## What you have to do
Please find all lines in the data that hold the string "Hypothesis" and copy them.

## Exercise data
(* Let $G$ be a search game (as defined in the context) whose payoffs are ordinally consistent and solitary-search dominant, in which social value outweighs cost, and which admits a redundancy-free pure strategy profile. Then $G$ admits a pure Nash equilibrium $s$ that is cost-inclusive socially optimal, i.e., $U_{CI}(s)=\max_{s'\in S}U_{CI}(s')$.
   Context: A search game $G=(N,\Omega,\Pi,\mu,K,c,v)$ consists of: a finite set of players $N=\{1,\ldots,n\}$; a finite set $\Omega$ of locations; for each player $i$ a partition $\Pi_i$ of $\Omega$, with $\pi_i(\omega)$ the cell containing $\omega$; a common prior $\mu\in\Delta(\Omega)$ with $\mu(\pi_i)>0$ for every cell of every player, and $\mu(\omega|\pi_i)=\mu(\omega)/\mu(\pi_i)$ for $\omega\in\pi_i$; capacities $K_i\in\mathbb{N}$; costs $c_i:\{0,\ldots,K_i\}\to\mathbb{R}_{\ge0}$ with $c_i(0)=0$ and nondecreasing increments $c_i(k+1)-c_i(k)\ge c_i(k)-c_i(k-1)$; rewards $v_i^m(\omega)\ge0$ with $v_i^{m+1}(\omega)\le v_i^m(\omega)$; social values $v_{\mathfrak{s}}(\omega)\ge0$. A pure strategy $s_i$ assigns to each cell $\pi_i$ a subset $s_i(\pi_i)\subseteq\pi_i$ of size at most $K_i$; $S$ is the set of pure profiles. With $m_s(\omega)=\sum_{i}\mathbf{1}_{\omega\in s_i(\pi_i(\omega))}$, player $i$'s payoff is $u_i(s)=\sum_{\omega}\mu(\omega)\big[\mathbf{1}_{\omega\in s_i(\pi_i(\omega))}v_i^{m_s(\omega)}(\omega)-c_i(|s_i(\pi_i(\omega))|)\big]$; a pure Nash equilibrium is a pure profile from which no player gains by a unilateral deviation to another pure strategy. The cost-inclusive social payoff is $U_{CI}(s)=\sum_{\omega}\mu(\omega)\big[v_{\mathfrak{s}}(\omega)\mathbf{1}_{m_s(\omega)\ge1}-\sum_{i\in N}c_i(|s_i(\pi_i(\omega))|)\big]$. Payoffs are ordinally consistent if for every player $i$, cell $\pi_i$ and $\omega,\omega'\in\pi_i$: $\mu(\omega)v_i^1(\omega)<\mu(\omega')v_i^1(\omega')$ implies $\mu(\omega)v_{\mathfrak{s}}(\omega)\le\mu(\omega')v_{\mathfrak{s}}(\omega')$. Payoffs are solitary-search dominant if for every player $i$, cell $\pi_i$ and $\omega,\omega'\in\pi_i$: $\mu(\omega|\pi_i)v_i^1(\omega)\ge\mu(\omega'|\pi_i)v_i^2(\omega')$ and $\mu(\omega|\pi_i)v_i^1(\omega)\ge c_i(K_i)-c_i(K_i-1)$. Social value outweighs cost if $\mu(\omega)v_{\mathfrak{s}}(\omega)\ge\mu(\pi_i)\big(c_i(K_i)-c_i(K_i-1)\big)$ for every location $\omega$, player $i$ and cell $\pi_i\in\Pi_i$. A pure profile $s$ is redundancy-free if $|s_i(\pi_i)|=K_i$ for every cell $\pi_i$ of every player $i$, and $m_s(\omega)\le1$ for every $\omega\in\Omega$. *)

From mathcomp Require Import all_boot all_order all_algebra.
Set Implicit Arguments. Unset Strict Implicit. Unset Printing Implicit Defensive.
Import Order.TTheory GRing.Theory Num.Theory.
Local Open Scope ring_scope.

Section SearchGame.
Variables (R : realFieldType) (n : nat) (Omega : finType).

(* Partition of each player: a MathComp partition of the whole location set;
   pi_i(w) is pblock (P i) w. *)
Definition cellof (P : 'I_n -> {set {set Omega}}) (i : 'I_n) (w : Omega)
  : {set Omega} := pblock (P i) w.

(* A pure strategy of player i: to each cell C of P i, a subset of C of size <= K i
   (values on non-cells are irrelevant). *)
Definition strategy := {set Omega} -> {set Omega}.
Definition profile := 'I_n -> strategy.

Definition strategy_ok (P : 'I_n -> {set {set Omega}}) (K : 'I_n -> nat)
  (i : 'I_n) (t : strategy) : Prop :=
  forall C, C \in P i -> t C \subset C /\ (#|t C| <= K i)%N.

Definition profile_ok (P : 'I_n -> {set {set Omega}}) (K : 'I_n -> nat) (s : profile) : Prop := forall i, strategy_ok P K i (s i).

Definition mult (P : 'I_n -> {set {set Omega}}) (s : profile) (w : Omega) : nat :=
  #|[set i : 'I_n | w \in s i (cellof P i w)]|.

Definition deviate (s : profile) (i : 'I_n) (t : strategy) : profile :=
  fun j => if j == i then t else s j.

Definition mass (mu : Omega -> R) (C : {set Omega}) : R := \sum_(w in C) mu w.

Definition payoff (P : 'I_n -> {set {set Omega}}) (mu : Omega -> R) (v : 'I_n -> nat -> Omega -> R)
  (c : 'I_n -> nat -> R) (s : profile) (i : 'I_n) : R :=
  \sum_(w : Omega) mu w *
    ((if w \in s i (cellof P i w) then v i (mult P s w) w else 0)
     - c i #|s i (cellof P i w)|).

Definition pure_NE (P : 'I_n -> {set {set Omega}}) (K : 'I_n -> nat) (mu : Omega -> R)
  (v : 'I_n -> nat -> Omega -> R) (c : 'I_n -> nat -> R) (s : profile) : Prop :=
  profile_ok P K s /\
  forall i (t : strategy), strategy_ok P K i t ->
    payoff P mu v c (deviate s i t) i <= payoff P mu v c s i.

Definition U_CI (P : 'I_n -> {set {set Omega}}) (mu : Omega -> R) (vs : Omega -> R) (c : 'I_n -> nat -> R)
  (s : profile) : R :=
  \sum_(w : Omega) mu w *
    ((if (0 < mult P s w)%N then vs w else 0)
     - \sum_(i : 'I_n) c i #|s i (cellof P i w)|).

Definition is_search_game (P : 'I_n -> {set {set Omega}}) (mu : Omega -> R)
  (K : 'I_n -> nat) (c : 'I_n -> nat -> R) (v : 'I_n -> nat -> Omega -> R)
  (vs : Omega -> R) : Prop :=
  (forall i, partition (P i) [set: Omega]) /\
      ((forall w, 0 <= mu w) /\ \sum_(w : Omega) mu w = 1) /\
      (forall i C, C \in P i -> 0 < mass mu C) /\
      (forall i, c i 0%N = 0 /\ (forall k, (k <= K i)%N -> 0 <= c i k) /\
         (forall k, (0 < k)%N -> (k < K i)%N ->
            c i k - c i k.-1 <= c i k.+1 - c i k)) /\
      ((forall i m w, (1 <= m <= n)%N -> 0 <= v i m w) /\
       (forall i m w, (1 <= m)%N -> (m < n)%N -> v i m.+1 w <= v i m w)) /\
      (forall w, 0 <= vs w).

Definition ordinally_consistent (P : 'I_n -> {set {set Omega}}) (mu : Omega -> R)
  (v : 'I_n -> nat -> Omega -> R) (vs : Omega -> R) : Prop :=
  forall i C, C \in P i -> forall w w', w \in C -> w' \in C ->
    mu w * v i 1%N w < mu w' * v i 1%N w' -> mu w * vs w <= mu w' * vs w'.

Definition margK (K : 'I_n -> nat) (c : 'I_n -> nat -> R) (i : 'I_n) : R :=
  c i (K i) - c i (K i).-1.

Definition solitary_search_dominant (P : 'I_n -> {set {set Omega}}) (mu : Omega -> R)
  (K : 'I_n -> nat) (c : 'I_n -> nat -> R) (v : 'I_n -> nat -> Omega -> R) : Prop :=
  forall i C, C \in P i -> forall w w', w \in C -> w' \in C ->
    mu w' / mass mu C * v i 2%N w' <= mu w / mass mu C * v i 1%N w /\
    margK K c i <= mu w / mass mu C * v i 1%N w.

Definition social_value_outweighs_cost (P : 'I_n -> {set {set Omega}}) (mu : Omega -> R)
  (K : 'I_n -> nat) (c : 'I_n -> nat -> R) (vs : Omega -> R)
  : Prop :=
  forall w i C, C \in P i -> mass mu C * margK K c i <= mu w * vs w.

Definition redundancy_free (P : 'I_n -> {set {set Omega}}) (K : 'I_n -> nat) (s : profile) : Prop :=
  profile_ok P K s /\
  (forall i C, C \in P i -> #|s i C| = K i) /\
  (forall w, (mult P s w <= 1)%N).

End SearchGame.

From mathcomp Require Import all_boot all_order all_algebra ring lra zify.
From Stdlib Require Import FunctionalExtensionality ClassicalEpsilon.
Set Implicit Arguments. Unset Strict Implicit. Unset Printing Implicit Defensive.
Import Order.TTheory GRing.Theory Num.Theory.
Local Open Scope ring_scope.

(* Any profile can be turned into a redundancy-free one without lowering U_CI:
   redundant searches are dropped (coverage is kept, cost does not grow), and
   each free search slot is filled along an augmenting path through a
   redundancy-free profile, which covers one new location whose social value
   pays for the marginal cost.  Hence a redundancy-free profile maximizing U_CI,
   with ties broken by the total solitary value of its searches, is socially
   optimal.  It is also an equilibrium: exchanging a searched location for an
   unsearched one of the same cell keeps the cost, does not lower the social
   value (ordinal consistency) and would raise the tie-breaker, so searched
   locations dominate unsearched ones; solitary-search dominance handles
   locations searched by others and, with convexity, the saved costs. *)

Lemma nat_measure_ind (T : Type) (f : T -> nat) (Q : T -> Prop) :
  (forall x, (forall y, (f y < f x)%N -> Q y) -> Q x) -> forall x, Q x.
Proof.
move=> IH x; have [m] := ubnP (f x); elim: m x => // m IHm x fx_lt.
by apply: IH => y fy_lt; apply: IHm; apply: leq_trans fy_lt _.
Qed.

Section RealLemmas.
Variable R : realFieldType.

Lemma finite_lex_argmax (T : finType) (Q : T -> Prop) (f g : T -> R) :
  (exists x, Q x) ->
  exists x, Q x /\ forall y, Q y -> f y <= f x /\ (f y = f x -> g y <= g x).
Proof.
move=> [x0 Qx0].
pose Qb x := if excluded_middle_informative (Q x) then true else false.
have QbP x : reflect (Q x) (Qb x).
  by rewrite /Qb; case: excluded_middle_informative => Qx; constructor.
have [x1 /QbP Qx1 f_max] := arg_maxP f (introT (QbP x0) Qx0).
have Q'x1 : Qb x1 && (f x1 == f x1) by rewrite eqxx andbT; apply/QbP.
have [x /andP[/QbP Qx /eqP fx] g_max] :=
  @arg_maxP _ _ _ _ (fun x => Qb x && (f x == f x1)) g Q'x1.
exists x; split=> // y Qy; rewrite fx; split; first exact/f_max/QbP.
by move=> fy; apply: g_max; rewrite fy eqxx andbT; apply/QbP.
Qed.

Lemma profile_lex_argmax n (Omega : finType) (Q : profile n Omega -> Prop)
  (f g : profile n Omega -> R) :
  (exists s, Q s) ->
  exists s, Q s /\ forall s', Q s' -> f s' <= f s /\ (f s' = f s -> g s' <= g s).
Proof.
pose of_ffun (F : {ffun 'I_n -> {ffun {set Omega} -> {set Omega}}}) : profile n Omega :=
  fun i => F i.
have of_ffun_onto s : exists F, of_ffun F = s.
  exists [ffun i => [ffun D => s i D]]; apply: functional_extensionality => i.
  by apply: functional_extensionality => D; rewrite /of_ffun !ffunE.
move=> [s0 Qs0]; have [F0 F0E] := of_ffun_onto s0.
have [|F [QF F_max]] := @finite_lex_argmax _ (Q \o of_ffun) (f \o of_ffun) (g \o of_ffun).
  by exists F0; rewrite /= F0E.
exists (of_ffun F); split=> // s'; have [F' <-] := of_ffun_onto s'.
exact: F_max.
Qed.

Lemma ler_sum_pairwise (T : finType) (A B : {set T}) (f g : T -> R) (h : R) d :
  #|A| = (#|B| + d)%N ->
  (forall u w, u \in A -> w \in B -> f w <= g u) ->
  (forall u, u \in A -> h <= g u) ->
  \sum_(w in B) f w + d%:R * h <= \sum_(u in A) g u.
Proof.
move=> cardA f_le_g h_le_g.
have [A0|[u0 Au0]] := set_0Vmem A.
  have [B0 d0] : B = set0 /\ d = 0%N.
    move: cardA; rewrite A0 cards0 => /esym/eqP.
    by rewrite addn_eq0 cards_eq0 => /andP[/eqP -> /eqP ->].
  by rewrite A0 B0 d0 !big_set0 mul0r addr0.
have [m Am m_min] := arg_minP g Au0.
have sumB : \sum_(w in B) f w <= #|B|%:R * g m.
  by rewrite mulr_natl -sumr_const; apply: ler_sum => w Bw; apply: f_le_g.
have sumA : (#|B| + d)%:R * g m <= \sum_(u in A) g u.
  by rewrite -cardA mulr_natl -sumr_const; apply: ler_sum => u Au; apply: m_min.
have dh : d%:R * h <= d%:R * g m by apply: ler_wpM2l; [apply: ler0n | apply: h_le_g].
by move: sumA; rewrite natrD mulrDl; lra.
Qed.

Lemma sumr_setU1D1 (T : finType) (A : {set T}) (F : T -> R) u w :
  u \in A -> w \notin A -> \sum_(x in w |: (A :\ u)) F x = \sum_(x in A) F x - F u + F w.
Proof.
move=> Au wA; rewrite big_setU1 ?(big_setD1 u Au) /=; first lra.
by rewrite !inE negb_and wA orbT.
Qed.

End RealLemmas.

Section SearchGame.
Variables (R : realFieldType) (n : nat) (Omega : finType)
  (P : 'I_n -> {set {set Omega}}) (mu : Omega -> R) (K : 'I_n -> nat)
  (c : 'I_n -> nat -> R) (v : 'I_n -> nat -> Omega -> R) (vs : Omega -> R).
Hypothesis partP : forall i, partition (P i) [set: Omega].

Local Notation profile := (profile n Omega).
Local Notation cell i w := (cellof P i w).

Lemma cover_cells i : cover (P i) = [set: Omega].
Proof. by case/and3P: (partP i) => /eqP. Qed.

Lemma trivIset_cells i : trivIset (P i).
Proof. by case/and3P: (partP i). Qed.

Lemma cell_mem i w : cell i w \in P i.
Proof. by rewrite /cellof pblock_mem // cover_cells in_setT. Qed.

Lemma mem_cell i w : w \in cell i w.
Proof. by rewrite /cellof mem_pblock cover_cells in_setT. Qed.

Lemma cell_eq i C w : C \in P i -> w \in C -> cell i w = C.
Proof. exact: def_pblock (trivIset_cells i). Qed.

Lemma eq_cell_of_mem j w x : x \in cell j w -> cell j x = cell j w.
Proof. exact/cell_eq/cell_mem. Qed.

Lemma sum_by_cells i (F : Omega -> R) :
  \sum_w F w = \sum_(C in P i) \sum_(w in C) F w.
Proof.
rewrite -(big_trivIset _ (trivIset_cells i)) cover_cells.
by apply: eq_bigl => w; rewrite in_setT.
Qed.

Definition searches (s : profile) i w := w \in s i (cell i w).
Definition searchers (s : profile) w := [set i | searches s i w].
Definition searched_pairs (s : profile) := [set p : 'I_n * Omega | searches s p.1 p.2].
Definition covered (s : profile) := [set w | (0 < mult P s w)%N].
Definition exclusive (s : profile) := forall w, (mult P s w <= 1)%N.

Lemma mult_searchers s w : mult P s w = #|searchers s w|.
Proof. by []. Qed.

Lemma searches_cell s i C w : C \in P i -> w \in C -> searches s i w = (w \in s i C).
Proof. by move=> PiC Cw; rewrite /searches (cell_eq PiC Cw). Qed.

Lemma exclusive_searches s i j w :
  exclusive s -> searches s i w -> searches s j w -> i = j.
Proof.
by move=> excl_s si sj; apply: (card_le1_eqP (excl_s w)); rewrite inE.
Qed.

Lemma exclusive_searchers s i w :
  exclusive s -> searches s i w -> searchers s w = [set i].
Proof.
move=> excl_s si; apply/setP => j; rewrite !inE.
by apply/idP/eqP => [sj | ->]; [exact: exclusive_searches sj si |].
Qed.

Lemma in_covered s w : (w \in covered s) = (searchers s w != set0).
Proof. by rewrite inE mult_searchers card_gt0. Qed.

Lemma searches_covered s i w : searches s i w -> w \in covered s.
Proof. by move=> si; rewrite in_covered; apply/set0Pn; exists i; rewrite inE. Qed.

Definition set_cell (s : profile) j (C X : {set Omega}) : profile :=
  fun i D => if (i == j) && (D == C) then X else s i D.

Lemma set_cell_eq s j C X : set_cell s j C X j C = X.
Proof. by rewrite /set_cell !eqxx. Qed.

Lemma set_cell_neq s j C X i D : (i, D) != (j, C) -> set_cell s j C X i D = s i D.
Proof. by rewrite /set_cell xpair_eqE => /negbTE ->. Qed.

--

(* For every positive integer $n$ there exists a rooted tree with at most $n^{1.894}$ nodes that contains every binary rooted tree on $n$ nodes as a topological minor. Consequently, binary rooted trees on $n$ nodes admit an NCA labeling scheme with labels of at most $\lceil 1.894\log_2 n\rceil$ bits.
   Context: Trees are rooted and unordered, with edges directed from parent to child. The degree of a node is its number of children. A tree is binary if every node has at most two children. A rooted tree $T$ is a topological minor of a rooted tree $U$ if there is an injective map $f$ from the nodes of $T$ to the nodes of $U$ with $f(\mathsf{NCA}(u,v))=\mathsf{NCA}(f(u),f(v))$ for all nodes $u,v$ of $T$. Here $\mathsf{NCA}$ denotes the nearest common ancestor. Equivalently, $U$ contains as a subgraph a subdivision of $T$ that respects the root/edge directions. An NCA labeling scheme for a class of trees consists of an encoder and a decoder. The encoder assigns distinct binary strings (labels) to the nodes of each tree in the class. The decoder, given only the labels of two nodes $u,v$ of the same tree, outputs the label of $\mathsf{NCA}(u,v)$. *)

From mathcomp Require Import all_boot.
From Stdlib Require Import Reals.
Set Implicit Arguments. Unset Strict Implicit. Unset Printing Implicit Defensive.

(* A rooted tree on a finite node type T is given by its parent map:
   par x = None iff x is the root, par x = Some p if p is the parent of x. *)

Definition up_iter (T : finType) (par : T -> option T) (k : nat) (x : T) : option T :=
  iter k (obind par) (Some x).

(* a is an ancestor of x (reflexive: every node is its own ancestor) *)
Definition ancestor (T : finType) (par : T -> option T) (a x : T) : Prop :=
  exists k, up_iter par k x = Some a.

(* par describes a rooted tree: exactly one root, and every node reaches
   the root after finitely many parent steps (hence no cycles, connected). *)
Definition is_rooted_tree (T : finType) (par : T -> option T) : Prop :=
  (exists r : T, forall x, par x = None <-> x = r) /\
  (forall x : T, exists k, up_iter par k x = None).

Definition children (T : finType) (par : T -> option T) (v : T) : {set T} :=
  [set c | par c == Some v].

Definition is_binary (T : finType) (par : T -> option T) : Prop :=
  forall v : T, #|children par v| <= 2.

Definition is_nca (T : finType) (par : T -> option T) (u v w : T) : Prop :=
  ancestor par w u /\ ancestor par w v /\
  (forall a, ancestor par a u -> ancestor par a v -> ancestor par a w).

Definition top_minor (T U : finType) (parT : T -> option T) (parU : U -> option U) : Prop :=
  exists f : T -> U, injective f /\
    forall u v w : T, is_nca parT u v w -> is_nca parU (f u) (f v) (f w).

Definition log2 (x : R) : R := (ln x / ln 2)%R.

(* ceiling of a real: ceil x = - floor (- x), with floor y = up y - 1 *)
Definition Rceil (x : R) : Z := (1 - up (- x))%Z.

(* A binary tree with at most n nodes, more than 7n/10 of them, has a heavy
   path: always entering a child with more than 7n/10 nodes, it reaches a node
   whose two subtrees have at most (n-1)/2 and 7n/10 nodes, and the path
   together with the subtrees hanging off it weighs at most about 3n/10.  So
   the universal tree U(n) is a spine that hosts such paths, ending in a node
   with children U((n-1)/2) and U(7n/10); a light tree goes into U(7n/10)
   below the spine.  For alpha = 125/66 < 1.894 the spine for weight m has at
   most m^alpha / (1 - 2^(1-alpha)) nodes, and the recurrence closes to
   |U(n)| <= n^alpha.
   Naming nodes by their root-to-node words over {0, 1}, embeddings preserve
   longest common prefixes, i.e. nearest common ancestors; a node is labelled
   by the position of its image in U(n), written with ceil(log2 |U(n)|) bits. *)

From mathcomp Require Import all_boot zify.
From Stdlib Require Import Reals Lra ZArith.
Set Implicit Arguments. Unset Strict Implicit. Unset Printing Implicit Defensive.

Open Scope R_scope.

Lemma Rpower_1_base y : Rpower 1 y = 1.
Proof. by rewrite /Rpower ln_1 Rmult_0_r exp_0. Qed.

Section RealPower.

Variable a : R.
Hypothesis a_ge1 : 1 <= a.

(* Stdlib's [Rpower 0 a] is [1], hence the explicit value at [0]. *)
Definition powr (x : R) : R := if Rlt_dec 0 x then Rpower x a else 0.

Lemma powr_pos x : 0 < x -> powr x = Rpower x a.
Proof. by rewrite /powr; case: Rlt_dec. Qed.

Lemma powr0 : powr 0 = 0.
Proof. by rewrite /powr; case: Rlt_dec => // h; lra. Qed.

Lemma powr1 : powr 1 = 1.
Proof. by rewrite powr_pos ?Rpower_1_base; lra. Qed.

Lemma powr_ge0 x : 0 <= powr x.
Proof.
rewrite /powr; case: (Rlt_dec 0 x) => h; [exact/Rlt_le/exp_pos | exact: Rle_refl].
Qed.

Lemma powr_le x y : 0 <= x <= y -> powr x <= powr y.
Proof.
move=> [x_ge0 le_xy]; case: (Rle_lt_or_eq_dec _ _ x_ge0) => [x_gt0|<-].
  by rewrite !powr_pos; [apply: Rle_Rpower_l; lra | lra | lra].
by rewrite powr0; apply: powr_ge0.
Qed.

## Written reply
Hypothesis partP : forall i, partition (P i) [set: Omega].
Hypothesis a_ge1 : 1 <= a.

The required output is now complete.